WORK INSTRUCTION:
Pull out of the data below the stretch of lines bounded by the one containing "witnesses of left" and the one containing "Lemma max_le_left_of_le x", both bounds included, unchanged.
--- PROVIDED DATA ---
(* Let $(D,\mathrm{left},\mathrm{right})$ be an interval poset with order $\sqsubseteq$, and let $\le$ be the relation on $\max(D)$ given by $a\le b$ iff $a=\mathrm{left}(z)$ and $b=\mathrm{right}(z)$ for some $z\in D$. Then for all $x,y\in D$, $$x\sqsubseteq y\iff \mathrm{left}(x)\le\mathrm{left}(y)\le\mathrm{right}(y)\le\mathrm{right}(x).$$
   Context: For a poset $(D,\sqsubseteq)$, $\max(D)$ is its set of maximal elements and $x\sqcap y$ denotes the infimum of $\{x,y\}$. An interval poset is a poset $D$ with two functions $\mathrm{left},\mathrm{right}:D\to\max(D)$ such that (only the infima named here are assumed to exist): (i) for all $x\in D$, $x=\mathrm{left}(x)\sqcap\mathrm{right}(x)$; (ii) for all $x,y\in D$, if $\mathrm{right}(x)=\mathrm{left}(y)$ then $x\sqcap y$ exists and $\mathrm{left}(x\sqcap y)=\mathrm{left}(x)$, $\mathrm{right}(x\sqcap y)=\mathrm{right}(y)$; (iii) for each $x\in D$ and each $p\in\max(D)$ with $x\sqsubseteq p$, the infima $\mathrm{left}(x)\sqcap p$ and $p\sqcap\mathrm{right}(x)$ exist and $\mathrm{left}(\mathrm{left}(x)\sqcap p)=\mathrm{left}(x)$, $\mathrm{right}(\mathrm{left}(x)\sqcap p)=p$, $\mathrm{left}(p\sqcap\mathrm{right}(x))=p$, $\mathrm{right}(p\sqcap\mathrm{right}(x))=\mathrm{right}(x)$. The relation $\le$ is a partial order on $\max(D)$. *)

Section IntervalPosets.
Variables (D : Type) (le : D -> D -> Prop).

Definition is_partial_order : Prop :=
  (forall x, le x x) /\
  (forall x y, le x y -> le y x -> x = y) /\
  (forall x y z, le x y -> le y z -> le x z).

Definition is_maximal (p : D) : Prop := forall q, le p q -> q = p.

Definition is_inf (x y z : D) : Prop :=
  le z x /\ le z y /\ (forall w, le w x -> le w y -> le w z).

(* left, right : D -> max(D) modelled as functions D -> D landing in max(D) *)
Record IntervalPoset (left right : D -> D) : Prop := {
  ip_order : is_partial_order;
  ip_left_max : forall x, is_maximal (left x);
  ip_right_max : forall x, is_maximal (right x);
  ip_i : forall x, is_inf (left x) (right x) x;
  ip_ii : forall x y, right x = left y ->
    exists z, is_inf x y z /\ left z = left x /\ right z = right y;
  ip_iii : forall x p, is_maximal p -> le x p ->
    (exists z, is_inf (left x) p z /\ left z = left x /\ right z = p) /\
    (exists z, is_inf p (right x) z /\ left z = p /\ right z = right x)
}.

Definition max_le (left right : D -> D) (a b : D) : Prop :=
  exists z, a = left z /\ b = right z.

End IntervalPosets.


(* Every element is the infimum of its endpoints, hence determined by them.
   If x ⊑ y then x lies below both endpoints of y, and axiom (iii) produces
   witnesses of left x ≤ left y and right y ≤ right x.  Conversely, gluing
   these witnesses to y on either side with axiom (ii) yields an element
   below y whose endpoints are those of x; that element is x itself. *)

Section IntervalPosetOrder.

Variables (D : Type) (le : D -> D -> Prop) (left right : D -> D).
Hypothesis HD : IntervalPoset D le left right.

Lemma le_trans x y z : le x y -> le y z -> le x z.
Proof. destruct (ip_order _ _ _ _ HD) as [_ [_ Htrans]]. apply Htrans. Qed.

Lemma le_left x : le x (left x).
Proof. apply (ip_i _ _ _ _ HD x). Qed.

Lemma le_right x : le x (right x).
Proof. apply (ip_i _ _ _ _ HD x). Qed.

Lemma eq_of_endpoints x y : left x = left y -> right x = right y -> x = y.
Proof.
  intros Hl Hr.
  destruct (ip_order _ _ _ _ HD) as [_ [Hanti _]].
  destruct (ip_i _ _ _ _ HD x) as [_ [_ Hglb_x]].
  destruct (ip_i _ _ _ _ HD y) as [_ [_ Hglb_y]].
  apply Hanti.
  - apply Hglb_y; [rewrite <- Hl; apply le_left | rewrite <- Hr; apply le_right].
  - apply Hglb_x; [rewrite Hl; apply le_left | rewrite Hr; apply le_right].
Qed.

Lemma max_le_endpoints y : max_le D left right (left y) (right y).
Proof. exists y. auto. Qed.

Lemma max_le_left_of_le x p :
  is_maximal D le p -> le x p -> max_le D left right (left x) p.
Proof.
  intros Hp Hxp.
  destruct (ip_iii _ _ _ _ HD x p Hp Hxp) as [[z [_ [Hl Hr]]] _].
  exists z. auto.
Qed.

Lemma max_le_right_of_le x p :
  is_maximal D le p -> le x p -> max_le D left right p (right x).
Proof.
  intros Hp Hxp.
  destruct (ip_iii _ _ _ _ HD x p Hp Hxp) as [_ [z [_ [Hl Hr]]]].
  exists z. auto.
Qed.

Lemma extend_left a y :
  max_le D left right a (left y) ->
  exists w, le w y /\ left w = a /\ right w = right y.
Proof.
  intros [z [Ha Hzy]].
  destruct (ip_ii _ _ _ _ HD z y (eq_sym Hzy)) as [w [[_ [Hwy _]] [Hl Hr]]].
  exists w. split; [exact Hwy | split; congruence].
Qed.

Lemma extend_right y b :
  max_le D left right (right y) b ->
  exists w, le w y /\ left w = left y /\ right w = b.
Proof.
  intros [z [Hyz Hb]].
  destruct (ip_ii _ _ _ _ HD y z Hyz) as [w [[Hwy _] [Hl Hr]]].
  exists w. split; [exact Hwy | split; congruence].
Qed.

End IntervalPosetOrder.

Theorem mainTheorem7 (D : Type) (le : D -> D -> Prop) (left right : D -> D)
  (HD : IntervalPoset D le left right) (x y : D) :
  le x y <->
  (max_le D left right (left x) (left y) /\
   max_le D left right (left y) (right y) /\
   max_le D left right (right y) (right x)).
Proof.
  split.
  - intros Hxy.
    split; [| split].
    + apply (max_le_left_of_le _ _ _ _ HD); [apply (ip_left_max _ _ _ _ HD) |].
      apply (le_trans _ _ _ _ HD _ y); [exact Hxy | apply (le_left _ _ _ _ HD)].
    + apply max_le_endpoints.
    + apply (max_le_right_of_le _ _ _ _ HD); [apply (ip_right_max _ _ _ _ HD) |].
      apply (le_trans _ _ _ _ HD _ y); [exact Hxy | apply (le_right _ _ _ _ HD)].
  - intros [Hleft [_ Hright]].
    destruct (extend_left _ _ _ _ HD _ _ Hleft) as [w [Hwy [Hwl Hwr]]].
    rewrite <- Hwr in Hright.
    destruct (extend_right _ _ _ _ HD _ _ Hright) as [v [Hvw [Hvl Hvr]]].
    assert (Hvx : v = x) by (apply (eq_of_endpoints _ _ _ _ HD); congruence).
    subst v. apply (le_trans _ _ _ _ HD _ w); assumption.
Qed.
---
SOLUTION TO THE EXERCISE:
   witnesses of left x ≤ left y and right y ≤ right x.  Conversely, gluing
   these witnesses to y on either side with axiom (ii) yields an element
   below y whose endpoints are those of x; that element is x itself. *)

Section IntervalPosetOrder.

Variables (D : Type) (le : D -> D -> Prop) (left right : D -> D).
Hypothesis HD : IntervalPoset D le left right.

Lemma le_trans x y z : le x y -> le y z -> le x z.
Proof. destruct (ip_order _ _ _ _ HD) as [_ [_ Htrans]]. apply Htrans. Qed.

Lemma le_left x : le x (left x).
Proof. apply (ip_i _ _ _ _ HD x). Qed.

Lemma le_right x : le x (right x).
Proof. apply (ip_i _ _ _ _ HD x). Qed.

Lemma eq_of_endpoints x y : left x = left y -> right x = right y -> x = y.
Proof.
  intros Hl Hr.
  destruct (ip_order _ _ _ _ HD) as [_ [Hanti _]].
  destruct (ip_i _ _ _ _ HD x) as [_ [_ Hglb_x]].
  destruct (ip_i _ _ _ _ HD y) as [_ [_ Hglb_y]].
  apply Hanti.
  - apply Hglb_y; [rewrite <- Hl; apply le_left | rewrite <- Hr; apply le_right].
  - apply Hglb_x; [rewrite Hl; apply le_left | rewrite Hr; apply le_right].
Qed.

Lemma max_le_endpoints y : max_le D left right (left y) (right y).
Proof. exists y. auto. Qed.

Lemma max_le_left_of_le x p :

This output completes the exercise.